United Medical and Dental Schools of Guy's and St Thomas' Hospitals
- Type: Medical school
- Active: 1982–1998
- Location: London, England

= United Medical and Dental Schools of Guy's and St Thomas' Hospitals =

Former medical school in London, England

The United Medical and Dental Schools of Guy's and St Thomas' Hospitals (UMDS) was a joint medical and dental school in London, formed from the merger of Guy's Hospital Medical School, St Thomas's Hospital Medical School, and the Royal Dental Hospital of London.

UMDS first came into existence in 1982 with the merger of the medical schools of Guy's and St. Thomas' Hospitals. It was enlarged in 1983 when the Royal Dental Hospital of London School of Dental Surgery merged with Guy's Hospital Dental School, and again in 1985 with the addition of the Postgraduate Institute of Dermatology.

Students of UMDS were initially allocated to one of two campuses, with most preclinical teaching and all clinical teaching being separate. With the intake of 1989, students ceased being allocated in this way, and teaching for all students was divided between the campuses and their peripheral hospitals.

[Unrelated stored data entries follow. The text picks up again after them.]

Lemma conv_abs_le_exp K w L B y : 0 <= y -> continuity K -> continuity w ->
  (forall s, 0 <= s <= y -> Rabs (K s) <= L) ->
  (forall s, 0 <= s <= y -> Rabs (w s) <= B * exp (2 * L * s)) ->
  Rabs (conv K w y) <= B * exp (2 * L * y) / 2.
Proof.
  intros Hy HK Hw HKL HwB.
  assert (HB : 0 <= B).
  { specialize (HwB 0 ltac:(lra)). rewrite Rmult_0_r, exp_0, Rmult_1_r in HwB.
    pose proof (Rabs_pos (w 0)); lra. }
  assert (HL : 0 <= L) by (specialize (HKL 0 ltac:(lra)); pose proof (Rabs_pos (K 0)); lra).
  assert (Hprim : RInt (fun s => B * L * exp (2 * L * s)) 0 y = B * exp (2 * L * y) / 2 - B / 2).
  { apply is_RInt_unique.
    replace (B / 2) with (B * exp (2 * L * 0) / 2) by (rewrite Rmult_0_r, exp_0; field).
    apply (is_RInt_derive (V := R_CompleteNormedModule) (fun s => B * exp (2 * L * s) / 2)).
    - intros s _. auto_derive; [exact I | field].
    - intros s _. apply continuity_pt_filterlim, ex_derive_continuity.
      intros u. auto_derive. exact I. }
  unfold conv. eapply Rle_trans; [apply abs_RInt_le; [exact Hy | apply ex_RInt_conv_integrand; assumption]|].
  eapply Rle_trans; [apply RInt_le with (g := fun s => B * L * exp (2 * L * s)); [exact Hy | | |] |].
  - apply ex_RInt_continuity. intros t. apply continuity_pt_filterlim, (continuous_Rabs_comp (fun s => w s * K (y - s))).
    apply (continuity_pt_filterlim (fun s => w s * K (y - s))), continuity_conv_integrand; assumption.
  - apply ex_RInt_continuity, ex_derive_continuity. intros u. auto_derive. exact I.
  - intros s Hs. rewrite Rabs_mult.
    replace (B * L * exp (2 * L * s)) with (B * exp (2 * L * s) * L) by ring.
    apply Rmult_le_compat; [apply Rabs_pos | apply Rabs_pos | apply HwB; lra | apply HKL; lra].
  - rewrite Hprim. lra.
Qed.

Lemma mult_div_succ_lt a e : 0 <= a -> 0 < e -> a * (e / (a + 1)) < e.
Proof.
  intros Ha He. replace (a * (e / (a + 1))) with (e * (a / (a + 1))) by (field; lra).
  rewrite <- (Rmult_1_r e) at 2. apply Rmult_lt_compat_l; [exact He|].
  apply Rmult_lt_reg_r with (a + 1); [lra|]. unfold Rdiv. rewrite Rmult_assoc, Rinv_l; lra.
Qed.

Lemma conv_increment K w x x' : continuity K -> continuity w ->
  conv K w x' - conv K w x =
  RInt (fun s => w s * (K (x' - s) - K (x - s))) 0 x + RInt (fun s => w s * K (x' - s)) x x'.
Proof.
  intros HK Hw. unfold conv.
  rewrite <- (RInt_Chasles (V := R_CompleteNormedModule) _ 0 x x') by (apply ex_RInt_conv_integrand; assumption).
  rewrite (RInt_ext (fun s => w s * (K (x' - s) - K (x - s))) (fun s => minus (w s * K (x' - s)) (w s * K (x - s))))
    by (intros s _; unfold minus, plus, opp; simpl; ring).
  rewrite (RInt_minus (V := R_CompleteNormedModule)) by (apply ex_RInt_conv_integrand; assumption).
  cbn -[RInt]. ring.
Qed.

(* The first integral of conv_increment is small by uniform continuity of K, the second by the
   length of [x, x']. *)
Lemma continuity_conv K w : continuity K -> continuity w -> continuity (conv K w).
Proof.
  intros HK Hw x eps Heps. remember (Rabs x + 1) as r eqn:Hr_def.
  assert (Hr : 1 <= r) by (pose proof (Rabs_pos x); lra).
  destruct (continuity_bounded w (- r) r Hw) as [Mw [HMw0 HMw]].
  destruct (continuity_bounded K (- (2 * r)) (2 * r) HK) as [MK [HMK0 HMK]].
  assert (HrMw : 0 <= r * Mw) by (apply Rmult_le_pos; lra).
  assert (HMwMK : 0 <= Mw * MK) by (apply Rmult_le_pos; lra).
  assert (Heta : 0 < eps / 2 / (r * Mw + 1)) by (apply Rdiv_lt_0_compat; lra).
  destruct (Heine_cor2 (f := K) (a := - (2 * r)) (b := 2 * r) (fun t _ => HK t) (mkposreal _ Heta)) as [delta Hunif].
  simpl in Hunif.
  assert (Halp : 0 < Rmin 1 (Rmin delta (eps / 2 / (Mw * MK + 1))))
    by (repeat apply Rmin_pos; try lra; try apply cond_pos; apply Rdiv_lt_0_compat; lra).
  exists (Rmin 1 (Rmin delta (eps / 2 / (Mw * MK + 1)))); split; [exact Halp|].
  intros x' [_ Hx']. simpl in Hx'. unfold R_dist in Hx'.
  assert (Hx'1 : Rabs (x' - x) < 1) by (eapply Rlt_le_trans; [exact Hx' | apply Rmin_l]).
  assert (Hx'delta : Rabs (x' - x) < delta)
    by (eapply Rlt_le_trans; [exact Hx' | eapply Rle_trans; [apply Rmin_r | apply Rmin_l]]).
  assert (Hx'eps : Rabs (x' - x) < eps / 2 / (Mw * MK + 1))
    by (eapply Rlt_le_trans; [exact Hx' | eapply Rle_trans; [apply Rmin_r | apply Rmin_r]]).
  clear Hx'.
  assert (Hnear : Rabs (RInt (fun s => w s * (K (x' - s) - K (x - s))) 0 x) <= Mw * (eps / 2 / (r * Mw + 1)) * Rabs (x - 0)).
  { apply abs_RInt_le_const_ball.
    - apply continuity_mult; [exact Hw|].
      apply continuity_minus; apply continuity_reflect, HK.
    - intros t Ht. rewrite Rabs_mult. apply Rmult_le_compat; [apply Rabs_pos | apply Rabs_pos | apply HMw; abs_lra |].
      apply Rlt_le, Hunif; [abs_lra | abs_lra | replace (x' - t - (x - t)) with (x' - x) by ring; lra]. }
  assert (Hfar : Rabs (RInt (fun s => w s * K (x' - s)) x x') <= Mw * MK * Rabs (x' - x)).
  { apply abs_RInt_le_const_ball; [apply continuity_conv_integrand; assumption|].
    intros t Ht. rewrite Rabs_mult. apply Rmult_le_compat; [apply Rabs_pos | apply Rabs_pos | apply HMw | apply HMK]; abs_lra. }
  assert (Hnear' : Mw * (eps / 2 / (r * Mw + 1)) * Rabs (x - 0) < eps / 2).
  { pose proof (mult_div_succ_lt (r * Mw) (eps / 2) HrMw ltac:(lra)).
    assert (0 <= Mw * (eps / 2 / (r * Mw + 1))) by (apply Rmult_le_pos; lra).
    rewrite Rminus_0_r. nra. }
  assert (Hfar' : Mw * MK * Rabs (x' - x) < eps / 2).
  { eapply Rle_lt_trans; [| apply (mult_div_succ_lt (Mw * MK)); lra].
    apply Rmult_le_compat_l; lra. }
  change (Rabs (conv K w x' - conv K w x) < eps). rewrite conv_increment by assumption.
  eapply Rle_lt_trans; [apply Rabs_triang | lra].
Qed.

Lemma is_derive_conv_integrand th k k' t u : is_C1 k k' ->
  is_derive (fun z => th t * k (z - t)) u (th t * k' (u - t)).
Proof.
  intros [Hk _]. apply is_derive_Reals.
  replace (th t * k' (u - t)) with (th t * (k' (u - t) * 1)) by ring.
  apply derivable_pt_lim_scal, (derivable_pt_lim_comp (fun z => z - t) k).
  - replace 1 with (1 - 0) by ring.
    apply (derivable_pt_lim_minus id (fct_cte t)); [apply derivable_pt_lim_id | apply derivable_pt_lim_const].
  - apply is_derive_Reals, Hk.
Qed.

Lemma is_derive_conv th k k' x : continuity th -> is_C1 k k' ->
  is_derive (conv k th) x (th x * k 0 + conv k' th x).
Proof.
  intros Hth Hk. pose proof (is_C1_continuity k k' Hk) as Ck. destruct Hk as [Dk Ck'].
  pose (f := fun tau s => th s * k (tau - s)).
  assert (Hf' : forall u t, Derive (fun z => f z t) u = th t * k' (u - t)).
  { intros u t. apply is_derive_unique, is_derive_conv_integrand. split; assumption. }
  assert (Hf'cont : forall u v, continuity_2d_pt (fun u v => Derive (fun z => f z v) u) u v).
  { intros u v. apply continuity_2d_pt_ext with (f := fun u v => th v * k' (u - v)).
    - intros; rewrite Hf'; reflexivity.
    - apply continuity_2d_pt_mult.
      + apply (continuity_1d_2d_pt_comp th (fun _ v => v)); [apply Hth | apply continuity_2d_pt_id2].
      + apply (continuity_1d_2d_pt_comp k' (fun u v => u - v)); [apply Ck'|].
        apply continuity_2d_pt_minus; [apply continuity_2d_pt_id1 | apply continuity_2d_pt_id2]. }
  assert (Hint : forall y a b, ex_RInt (fun s => f y s) a b)
    by (intros; apply ex_RInt_conv_integrand; assumption).
  assert (HD := is_derive_RInt_param_bound_comp f (fun _ => 0) (fun y => y) x 0 1).
  unfold conv. replace (th x * k 0 + RInt (fun s => th s * k' (x - s)) 0 x) with
    (RInt (fun t => Derive (fun u => f u t) x) 0 x + - f x 0 * 0 + f x x * 1).
  2:{ unfold f. rewrite Rminus_diag, (RInt_ext _ (fun s => th s * k' (x - s))) by (intros; apply Hf'). ring. }
  apply HD.
  - apply filter_forall. intros; apply Hint.
  - exists (mkposreal 1 Rlt_0_1). apply filter_forall. intros; apply Hint.
  - exists (mkposreal 1 Rlt_0_1). apply filter_forall. intros; apply Hint.
  - apply (is_derive_const (V := R_NormedModule)).
  - apply (is_derive_id (K := R_AbsRing)).
  - exists (mkposreal 1 Rlt_0_1). apply filter_forall. intros y t _. eexists.
    apply (is_derive_conv_integrand th k k'). split; assumption.
  - intros t _. apply Hf'cont.
  - exists (mkposreal 1 Rlt_0_1). intros; apply Hf'cont.
  - exists (mkposreal 1 Rlt_0_1). intros; apply Hf'cont.
  - apply continuity_conv_integrand; assumption.
  - apply continuity_conv_integrand; assumption.
Qed.

Lemma is_derive_eq0_of_vanish_right F x l : is_derive F x l -> (forall s, x <= s -> F s = 0) -> l = 0.
Proof.
  intros HF Hvanish. apply is_derive_Reals in HF.
  destruct (Req_dec l 0) as [| Hl]; [assumption | exfalso].
  destruct (HF (Rabs l) (Rabs_pos_lt _ Hl)) as [delta Hdelta].
  pose proof (cond_pos delta).
  specialize (Hdelta (delta / 2) ltac:(lra) ltac:(rewrite Rabs_right; lra)).
  rewrite !Hvanish in Hdelta by lra.
  replace ((0 - 0) / (delta / 2) - l) with (- l) in Hdelta by (field; lra).
  rewrite Rabs_Ropp in Hdelta. lra.
Qed.

Lemma exp_le_compat x y : x <= y -> exp x <= exp y.
Proof. intros [Hlt | ->]; [apply Rlt_le, exp_increasing, Hlt | apply Rle_refl]. Qed.

Lemma pow_half_pos n : 0 < (/ 2) ^ n.
Proof. apply pow_lt; lra. Qed.

Lemma pow_half_lt C eps : 0 < eps -> exists N, forall n, (N <= n)%nat -> C * (/ 2) ^ n < eps.
Proof.
  intros Heps. pose proof (Rabs_pos C).
  destruct (pow_lt_1_zero (/ 2) ltac:(rewrite Rabs_right; lra) (eps / (Rabs C + 1))
    ltac:(apply Rdiv_lt_0_compat; lra)) as [N HN].
  exists N. intros n Hn. specialize (HN n Hn).
  rewrite Rabs_right in HN by (apply Rle_ge, Rlt_le, pow_half_pos).
  pose proof (pow_half_pos n). pose proof (mult_div_succ_lt (Rabs C) eps ltac:(lra) Heps).
  pose proof (Rle_abs C). nra.
Qed.

Lemma eq0_of_le_pow_half C x : (forall n, Rabs x <= C * (/ 2) ^ n) -> x = 0.
Proof.
  intros Hx. destruct (Req_dec x 0) as [| Hneq]; [assumption | exfalso].
  destruct (pow_half_lt C (Rabs x) (Rabs_pos_lt _ Hneq)) as [N HN].
  specialize (HN N (Nat.le_refl N)). specialize (Hx N). lra.
Qed.

Section VolterraSecondKind.

Variable K : R -> R.
Hypothesis HK : continuity K.

Lemma conv_iterates_geometric (v : nat -> R -> R) T B : 0 <= T -> (forall n, continuity (v n)) ->
  (forall y, 0 <= y <= T -> Rabs (v O y) <= B) ->
  (forall n y, 0 <= y <= T -> Rabs (v (S n) y) <= Rabs (conv K (v n) y)) ->
  exists C, forall n y, 0 <= y <= T -> Rabs (v n y) <= C * (/ 2) ^ n.
Proof.
  intros HT Hv Hv0 Hstep.
  destruct (continuity_bounded K 0 T HK) as [L [HL0 HL]].
  assert (HB : 0 <= B) by (pose proof (Rabs_pos (v O 0)); specialize (Hv0 0 ltac:(lra)); lra).
  assert (Hweighted : forall n y, 0 <= y <= T -> Rabs (v n y) <= B * (/ 2) ^ n * exp (2 * L * y)).
  { induction n as [|n IH]; intros y Hy.
    - pose proof (exp_ineq1_le (2 * L * y)). assert (0 <= 2 * L * y) by (apply Rmult_le_pos; lra).
      specialize (Hv0 y Hy). simpl. nra.
    - eapply Rle_trans; [apply Hstep, Hy|].
      eapply Rle_trans; [apply conv_abs_le_exp with (L := L); [lra | exact HK | apply Hv | |] |].
      + intros s Hs. apply HL. lra.
      + intros s Hs. apply IH. lra.
      + simpl. lra. }
  exists (B * exp (2 * L * T)). intros n y Hy.
  eapply Rle_trans; [apply Hweighted, Hy|].
  rewrite Rmult_assoc, (Rmult_comm ((/ 2) ^ n)), <- Rmult_assoc.
  apply Rmult_le_compat_r; [apply Rlt_le, pow_half_pos|].
  apply Rmult_le_compat_l; [exact HB|]. apply exp_le_compat. nra.
Qed.

Lemma volterra2_homogeneous_eq0 w : continuity w -> (forall t, 0 <= t -> w t = - conv K w t) ->
  forall t, 0 <= t -> w t = 0.
Proof.
  intros Hw Heq T HT.
  destruct (continuity_bounded w 0 T Hw) as [B [_ HB]].
  destruct (conv_iterates_geometric (fun _ => w) T B HT (fun _ => Hw) HB) as [C HC].
  - intros n y Hy. rewrite Heq at 1 by lra. rewrite Rabs_Ropp. apply Rle_refl.
  - apply (eq0_of_le_pow_half C). intros n. apply HC. lra.
Qed.

Variable f : R -> R.
Hypothesis Hf : continuity f.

Discussions between King's College London and UMDS regarding a further merger began in 1992. UMDS was subsequently absorbed into King's College London on 1 August 1998, and was initially called the GKT School of Medicine; in 2005 this in turn became the King's College London School of Medicine and Dentistry. Subsequently, the dental school became the Dental Institute and the remainder was renamed the King's College London School of Medicine. In 2015 the naming decision was partially reversed and the medical school is currently named King's College London GKT School of Medical Education.

==History==
Guy's and St. Thomas' Hospitals were associated with each other before the creation of UMDS. Prior to 1769, the two hospitals were known as the United Hospitals. This arrangement was formalised in 1769, after which students of physicians were taught at Guy's Hospital while students of surgeons were taught at St. Thomas' Hospital.

A dispute between the two hospitals regarding the successor to Sir Astley Cooper resulted in Guy's Hospital establishing its own medical school in 1825. After this, students of surgeons attended operations at both hospitals until 1836. A riot between students of the two hospitals broke out in the operating theatre at St. Thomas's in 1836 which ended the arrangement, and the medical schools remained separate until the formation of UMDS in 1982.